世界のエネルギー事情から見る地下資源
~どのようにエネルギー問題と
向き合っていくべきなのか?~
①国によって発電の構成が違うのはなぜだろう?
②統計資料とどう向き合っていくのか?
これからの発電の主役は?
グループワークのお題
はじめに
今回は日本のエネルギー事情を題材に、資源・エネルギーについて、また諸問題についても扱います。
統計資料と主体的に向き合えるための投げかけにも触れました。
本スライドの統計は、注記がない限り、データブック オブ・ザ・ワールド2022(二宮書店)を参照しています。
スピーカーノート(パワーポイントではノートにあたる箇所で、画面下のメモ欄)に補足や教材に対する考えを記載しています。スライド内でリンクの設定がなされているもののURLもこちらに記載してあります。
何気なく使っている電気はどこからくるの?
日本の電力構成比を見てみよう(2019年)
火力発電 71.9%
水力発電 8.3%
原子力発電 6.1%
再生可能エネルギー 11.9%
何気なく使っている電気はどこからくるの?
日本以外の国はどうなのだろうか(2019年)
どのようなことが読み取れるだろうか?
| 火力発電 | 水力発電 | 原子力発電 | 再生可能エネルギー |
日本 | 71.9% | 8.3% | 6.1% | 11.9% |
アメリカ合衆国 | 62.5% | 7.1% | 19.2% | 11.1% |
ドイツ | 45.5% | 4.2% | 12.3% | 37.7% |
フランス | 9.0% | 10.8% | 69.9% | 10.3% |
中国 | 67.9% | 17.4% | 4.6% | 10.0% |
サウジアラビア | 99.9% | - | - | 0.1% |
ブラジル | 14.7% | 63.5% | 2.6% | 19.1% |
それぞれの発電の特徴について見てみよう
①水力発電(1)
早くから活用されてきた発電方法。一般には川をダムでせき止め、高低差を利用して発電を行う。自然エネルギーであることや、発電時に二酸化炭素の排出がないことがメリット。

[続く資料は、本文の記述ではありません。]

(* Let $\mathcal C$ be a small abelian (or, more generally, Quillen exact) category with a tensor product that is exact in each variable and has a tensor identity $e$. Suppose either that the tensor product is commutative, or that there is an object $c\in\mathcal C$ such that no proper thick subcategory of $\mathcal C$ contains $c$. Then the set $L_{\mathrm{thick}}(\mathcal C)$ of thick tensor ideals of $\mathcal C$, ordered by inclusion and with product $(\mathcal D_1,\mathcal D_2)\mapsto\langle\mathcal D_1\mathcal D_2\rangle$, is an ideal lattice. Moreover, a thick tensor ideal is compact in this lattice if and only if it is of the form $\langle x\rangle$ for a single object $x$.
   Context: A tensor product on an additive category $\mathcal C$ is an additive bifunctor $\otimes\colon\mathcal C\times\mathcal C\to\mathcal C$ with a natural associativity isomorphism; a tensor identity $e$ comes with natural isomorphisms $x\otimes e\cong x\cong e\otimes x$ satisfying the pentagon and triangle axioms. A subcategory $\mathcal D$ is thick if for every exact sequence $0\to x'\to x\to x''\to0$, $x\in\mathcal D$ iff $x',x''\in\mathcal D$. A tensor ideal is a full additive subcategory $\mathcal D$ with $x\otimes y\in\mathcal D$ whenever $x\in\mathcal D$ or $y\in\mathcal D$. $\langle\mathcal D_0\rangle$ denotes the smallest thick tensor ideal containing a class $\mathcal D_0$; $\mathcal D_1\mathcal D_2$ denotes the class of finite coproducts of objects $x\otimes y$ with $x\in\mathcal D_1,y\in\mathcal D_2$ (up to isomorphism). An ideal lattice is a poset $(L,\leq)$ with an associative multiplication such that: (L1) $L$ is a complete lattice; (L2) every element is a supremum of compact elements ($a$ is compact if $a\leq\sup A$ implies $a\leq\sup A'$ for some finite $A'\subseteq A$); (L3) multiplication distributes over binary joins on both sides; (L4) $1=\sup L$ is compact and is a two-sided identity; (L5) products of compact elements are compact. *)

From HB Require Import structures.
From mathcomp Require Import all_boot all_algebra.
From Stdlib Require Import List.
Set Implicit Arguments.
Unset Strict Implicit.
Unset Printing Implicit Defensive.
Import GRing.Theory.
Local Open Scope ring_scope.

Record PreaddCat := {
  Ob : Type;
  Hom : Ob -> Ob -> zmodType;
  idm : forall a, Hom a a;
  comp : forall a b c, Hom b c -> Hom a b -> Hom a c;
  compA : forall a b c d (f : Hom c d) (g : Hom b c) (h : Hom a b),
      comp f (comp g h) = comp (comp f g) h;
  comp1m : forall a b (f : Hom a b), comp (idm b) f = f;
  compm1 : forall a b (f : Hom a b), comp f (idm a) = f;
  compDl : forall a b c (f f' : Hom b c) (g : Hom a b),
      comp (f + f') g = comp f g + comp f' g;
  compDr : forall a b c (f : Hom b c) (g g' : Hom a b),
      comp f (g + g') = comp f g + comp f g'
}.
Arguments Hom {_} _ _.
Arguments idm {_} _.
Arguments comp {_ _ _ _} _ _.

Section Cat.
Variable C : PreaddCat.

Definition is_zero (z : Ob C) : Prop :=
  forall a : Ob C, (forall f : Hom z a, f = 0) /\ (forall f : Hom a z, f = 0).

Definition is_biprod (a b z : Ob C) : Prop :=
  exists (i1 : Hom a z) (i2 : Hom b z) (p1 : Hom z a) (p2 : Hom z b),
    [/\ comp p1 i1 = idm a, comp p2 i2 = idm b, comp p1 i2 = 0,
        comp p2 i1 = 0 & comp i1 p1 + comp i2 p2 = idm z].

Definition additive : Prop :=
  (exists z, is_zero z) /\ (forall a b, exists z, is_biprod a b z).

Definition is_iso (a b : Ob C) (f : Hom a b) : Prop :=
  exists g : Hom b a, comp g f = idm a /\ comp f g = idm b.

Definition iso_obj (a b : Ob C) : Prop := exists f : Hom a b, is_iso f.

Definition is_kernel (k0 a b : Ob C) (k : Hom k0 a) (f : Hom a b) : Prop :=
  comp f k = 0 /\
  forall x (g : Hom x a), comp f g = 0 -> exists! h : Hom x k0, comp k h = g.

Definition is_cokernel (a b c0 : Ob C) (c : Hom b c0) (f : Hom a b) : Prop :=
  comp c f = 0 /\
  forall x (g : Hom b x), comp g f = 0 -> exists! h : Hom c0 x, comp h c = g.

Definition kc_pair (x' x x'' : Ob C) (i : Hom x' x) (p : Hom x x'') : Prop :=
  is_kernel i p /\ is_cokernel p i.

Definition is_pushout (a b c d : Ob C) (i : Hom a b) (f : Hom a c)
    (i' : Hom c d) (f' : Hom b d) : Prop :=
  comp f' i = comp i' f /\
  forall x (g : Hom b x) (h : Hom c x), comp g i = comp h f ->
    exists! u : Hom d x, comp u f' = g /\ comp u i' = h.

Definition is_pullback (a b c d : Ob C) (p : Hom b c) (f : Hom a c)
    (p' : Hom d a) (f' : Hom d b) : Prop :=
  comp p f' = comp f p' /\
  forall x (g : Hom x b) (h : Hom x a), comp p g = comp f h ->
    exists! u : Hom x d, comp f' u = g /\ comp p' u = h.

(* A class of "conflations" (short exact sequences 0 -> x' -> x -> x'' -> 0) *)
Definition conflations := forall x' x x'' : Ob C, Hom x' x -> Hom x x'' -> Prop.

Section Exact.
Variable E : conflations.

Definition adm_mono (a b : Ob C) (i : Hom a b) : Prop :=
  exists (c : Ob C) (p : Hom b c), E i p.
Definition adm_epi (b c : Ob C) (p : Hom b c) : Prop :=
  exists (a : Ob C) (i : Hom a b), E i p.

(* Quillen exact structure (Buehler's axioms) on an additive category *)
Definition exact_structure : Prop :=
  [/\ (forall x' x x'' (i : Hom x' x) (p : Hom x x''), E i p -> kc_pair i p),
      (forall x' x x'' (i : Hom x' x) (p : Hom x x'') y' y y''
              (j : Hom y' y) (q : Hom y y'')
              (u : Hom x' y') (v : Hom x y) (w : Hom x'' y''),
          E i p -> is_iso u -> is_iso v -> is_iso w ->
          comp v i = comp j u -> comp w p = comp q v -> E j q),
      (forall a, adm_mono (idm a)) /\ (forall a, adm_epi (idm a)),
      (forall a b c (i : Hom a b) (j : Hom b c),
          adm_mono i -> adm_mono j -> adm_mono (comp j i)) /\
      (forall a b c (p : Hom a b) (q : Hom b c),
          adm_epi p -> adm_epi q -> adm_epi (comp q p)) &
      (forall a b (i : Hom a b), adm_mono i -> forall c (f : Hom a c),
          exists d (i' : Hom c d) (f' : Hom b d),
            is_pushout i f i' f' /\ adm_mono i') /\
      (forall b c (p : Hom b c), adm_epi p -> forall a (f : Hom a c),
          exists d (p' : Hom d a) (f' : Hom d b),
            is_pullback p f p' f' /\ adm_epi p')].

End Exact.

Record Tensor := {
  tob : Ob C -> Ob C -> Ob C;
  tom : forall a a' b b', Hom a a' -> Hom b b' -> Hom (tob a b) (tob a' b');
  tom_id : forall a b, tom (idm a) (idm b) = idm (tob a b);
  tom_comp : forall a a' a'' b b' b'' (f : Hom a' a'') (f' : Hom a a')
      (g : Hom b' b'') (g' : Hom b b'),
      tom (comp f f') (comp g g') = comp (tom f g) (tom f' g');
  tom_addl : forall a a' b b' (f f' : Hom a a') (g : Hom b b'),
      tom (f + f') g = tom f g + tom f' g;
  tom_addr : forall a a' b b' (f : Hom a a') (g g' : Hom b b'),
      tom f (g + g') = tom f g + tom f g';
  assoc : forall a b c, Hom (tob (tob a b) c) (tob a (tob b c));
  assoc_iso : forall a b c, is_iso (assoc a b c);
  assoc_nat : forall a a' b b' c c' (f : Hom a a') (g : Hom b b') (h : Hom c c'),
      comp (assoc a' b' c') (tom (tom f g) h) =
      comp (tom f (tom g h)) (assoc a b c)
}.

Section TensorDefs.
Variable T : Tensor.
Local Notation "a ⊗ b" := (tob T a b) (at level 40, left associativity).
Local Notation "f ⊗m g" := (tom T f g) (at level 40, left associativity).

Definition tensor_unit (e : Ob C) : Prop :=
  exists (lu : forall x, Hom (e ⊗ x) x) (ru : forall x, Hom (x ⊗ e) x),
  [/\ (forall x, is_iso (lu x)) /\ (forall x, is_iso (ru x)),
      (forall x y (f : Hom x y), comp f (lu x) = comp (lu y) (idm e ⊗m f)) /\
      (forall x y (f : Hom x y), comp f (ru x) = comp (ru y) (f ⊗m idm e)),
      (forall a b c d,
         comp (assoc T a b (c ⊗ d)) (assoc T (a ⊗ b) c d) =
         comp (idm a ⊗m assoc T b c d)
              (comp (assoc T a (b ⊗ c) d) (assoc T a b c ⊗m idm d))) &
      (forall a b, comp (idm a ⊗m lu b) (assoc T a e b) = ru a ⊗m idm b)].

Definition tensor_commutative : Prop :=
  exists g : forall x y, Hom (x ⊗ y) (y ⊗ x),
    (forall x y, is_iso (g x y)) /\
    (forall x x' y y' (f : Hom x x') (h : Hom y y'),
        comp (g x' y') (f ⊗m h) = comp (h ⊗m f) (g x y)).

Variable E : conflations.

Definition tensor_exact : Prop :=
  forall x' x x'' (i : Hom x' x) (p : Hom x x''), E i p ->
    forall c, E (i ⊗m idm c) (p ⊗m idm c) /\ E (idm c ⊗m i) (idm c ⊗m p).

(* subcategories are given by predicates on objects (full subcategories) *)
Definition thick (D : Ob C -> Prop) : Prop :=
  forall x' x x'' (i : Hom x' x) (p : Hom x x''), E i p ->
    (D x <-> D x' /\ D x'').

Definition additive_subcat (D : Ob C -> Prop) : Prop :=
  (exists z, is_zero z /\ D z) /\
  (forall a b z, D a -> D b -> is_biprod a b z -> D z).

Definition tensor_ideal (D : Ob C -> Prop) : Prop :=
  additive_subcat D /\ (forall x y, D x \/ D y -> D (x ⊗ y)).

Definition thick_tensor_ideal (D : Ob C -> Prop) : Prop :=
  thick D /\ tensor_ideal D.

(* <D0>: the smallest thick tensor ideal containing D0 *)
Definition gen (D0 : Ob C -> Prop) : Ob C -> Prop :=
  fun x => forall D, thick_tensor_ideal D -> (forall y, D0 y -> D y) -> D x.

Inductive fincoprod (S : Ob C -> Prop) : Ob C -> Prop :=
| fc_zero z : is_zero z -> fincoprod S z
| fc_sum a b z : S a -> fincoprod S b -> is_biprod a b z -> fincoprod S z.

Definition prodcls (D1 D2 : Ob C -> Prop) : Ob C -> Prop :=
  fincoprod (fun w => exists x y, [/\ D1 x, D2 y & iso_obj w (x ⊗ y)]).

Definition incl (D1 D2 : Ob C -> Prop) : Prop := forall x, D1 x -> D2 x.

Definition tprod (D1 D2 : Ob C -> Prop) : Ob C -> Prop := gen (prodcls D1 D2).

End TensorDefs.
End Cat.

一方、自然を大きく改変する必要があることや、地形の制約があり立地が市場から遠くなりやすいことがデメリットである。
それぞれの発電の特徴について見てみよう
①水力発電(2) ― 揚水発電
揚水発電は、電力が余っている時間帯に水をくみ上げ、不足する時間に発電することを繰り返す発電方法である。日射量によって発電量が左右される太陽光発電と有機的に結びついている。
参考:九州電力webサイト
それぞれの発電の特徴について見てみよう
②火力発電
長年、発電の中心を担い続けている。水力発電のような地形の制約があまりないため、市場の近くに立地させられる。発電の過程で冷却を要するため臨海部に立地させることが多いが、市場は臨海部に位置することが多く、都合がよい。
一方で、化石燃料を必要とするため、環境負荷が大きくなりやすいことや化石燃料が有限であることが課題。そのため、多くの国はいかにして火力発電の割合を減らすかに思案することになる。
それぞれの発電の特徴について見てみよう
③原子力発電
火力発電への依存をいかに縮小するかという課題に対する対応策の1つとして先進国を中心に発達した。原子力のエネルギーを電力へと転換するが、火力発電と同様、冷却を要するため臨海部、ないしは河川沿いに立地する。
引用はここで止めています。